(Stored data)

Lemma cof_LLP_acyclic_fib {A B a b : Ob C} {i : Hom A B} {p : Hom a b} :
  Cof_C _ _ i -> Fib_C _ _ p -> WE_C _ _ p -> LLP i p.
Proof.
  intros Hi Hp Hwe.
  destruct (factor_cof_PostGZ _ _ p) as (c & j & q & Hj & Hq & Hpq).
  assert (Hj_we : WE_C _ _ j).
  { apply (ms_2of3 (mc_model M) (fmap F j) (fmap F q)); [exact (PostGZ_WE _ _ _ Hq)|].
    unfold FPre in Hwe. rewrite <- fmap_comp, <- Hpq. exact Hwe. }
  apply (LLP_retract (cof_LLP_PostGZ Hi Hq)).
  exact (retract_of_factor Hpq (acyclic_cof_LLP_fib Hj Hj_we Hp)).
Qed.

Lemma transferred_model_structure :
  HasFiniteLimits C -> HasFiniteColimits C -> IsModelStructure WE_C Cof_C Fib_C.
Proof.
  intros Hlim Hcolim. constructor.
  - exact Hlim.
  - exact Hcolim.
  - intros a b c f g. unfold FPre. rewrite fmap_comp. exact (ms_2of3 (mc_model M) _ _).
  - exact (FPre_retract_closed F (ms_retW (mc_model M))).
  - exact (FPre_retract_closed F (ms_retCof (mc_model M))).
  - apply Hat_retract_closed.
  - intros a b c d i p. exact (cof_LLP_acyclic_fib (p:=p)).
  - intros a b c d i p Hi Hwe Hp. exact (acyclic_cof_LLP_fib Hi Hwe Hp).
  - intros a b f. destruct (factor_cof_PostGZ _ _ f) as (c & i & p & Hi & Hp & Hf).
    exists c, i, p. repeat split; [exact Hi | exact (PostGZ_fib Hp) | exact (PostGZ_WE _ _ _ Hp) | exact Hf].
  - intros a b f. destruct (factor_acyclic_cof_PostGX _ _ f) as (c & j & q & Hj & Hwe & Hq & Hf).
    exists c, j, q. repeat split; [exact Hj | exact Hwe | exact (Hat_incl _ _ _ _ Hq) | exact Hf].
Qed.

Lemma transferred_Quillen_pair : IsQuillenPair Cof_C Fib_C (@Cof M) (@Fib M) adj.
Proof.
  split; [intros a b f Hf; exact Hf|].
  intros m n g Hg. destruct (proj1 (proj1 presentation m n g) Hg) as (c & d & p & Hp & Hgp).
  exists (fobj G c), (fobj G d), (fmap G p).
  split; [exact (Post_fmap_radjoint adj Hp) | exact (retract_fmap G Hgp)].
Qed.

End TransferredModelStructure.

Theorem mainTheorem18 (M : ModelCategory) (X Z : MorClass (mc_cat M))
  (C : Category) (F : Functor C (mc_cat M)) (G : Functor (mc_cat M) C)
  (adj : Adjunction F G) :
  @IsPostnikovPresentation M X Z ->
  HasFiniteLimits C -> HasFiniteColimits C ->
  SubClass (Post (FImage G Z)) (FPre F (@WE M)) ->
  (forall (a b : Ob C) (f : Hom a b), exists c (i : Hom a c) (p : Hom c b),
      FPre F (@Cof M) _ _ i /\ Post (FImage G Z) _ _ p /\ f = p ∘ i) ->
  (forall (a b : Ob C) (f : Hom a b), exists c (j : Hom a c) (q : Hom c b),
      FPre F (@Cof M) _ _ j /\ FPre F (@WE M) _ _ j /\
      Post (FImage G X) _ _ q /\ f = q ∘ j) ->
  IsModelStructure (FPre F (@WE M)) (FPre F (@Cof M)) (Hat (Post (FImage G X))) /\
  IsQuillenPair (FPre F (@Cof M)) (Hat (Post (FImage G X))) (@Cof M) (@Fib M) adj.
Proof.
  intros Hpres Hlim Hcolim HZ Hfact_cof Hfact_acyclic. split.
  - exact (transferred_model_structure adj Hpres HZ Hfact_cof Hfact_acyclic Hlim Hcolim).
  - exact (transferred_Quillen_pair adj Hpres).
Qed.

#### TASK DESCRIPTION
All lines from the one containing "(adj : Adjunction" to the end of the records are to be duplicated exactly, and no other lines are to be given.

#### SOLUTION BELOW
  (adj : Adjunction F G) :
  @IsPostnikovPresentation M X Z ->
  HasFiniteLimits C -> HasFiniteColimits C ->
  SubClass (Post (FImage G Z)) (FPre F (@WE M)) ->
  (forall (a b : Ob C) (f : Hom a b), exists c (i : Hom a c) (p : Hom c b),
      FPre F (@Cof M) _ _ i /\ Post (FImage G Z) _ _ p /\ f = p ∘ i) ->
  (forall (a b : Ob C) (f : Hom a b), exists c (j : Hom a c) (q : Hom c b),
      FPre F (@Cof M) _ _ j /\ FPre F (@WE M) _ _ j /\
      Post (FImage G X) _ _ q /\ f = q ∘ j) ->
  IsModelStructure (FPre F (@WE M)) (FPre F (@Cof M)) (Hat (Post (FImage G X))) /\
  IsQuillenPair (FPre F (@Cof M)) (Hat (Post (FImage G X))) (@Cof M) (@Fib M) adj.
Proof.
  intros Hpres Hlim Hcolim HZ Hfact_cof Hfact_acyclic. split.
  - exact (transferred_model_structure adj Hpres HZ Hfact_cof Hfact_acyclic Hlim Hcolim).
  - exact (transferred_Quillen_pair adj Hpres).
Qed.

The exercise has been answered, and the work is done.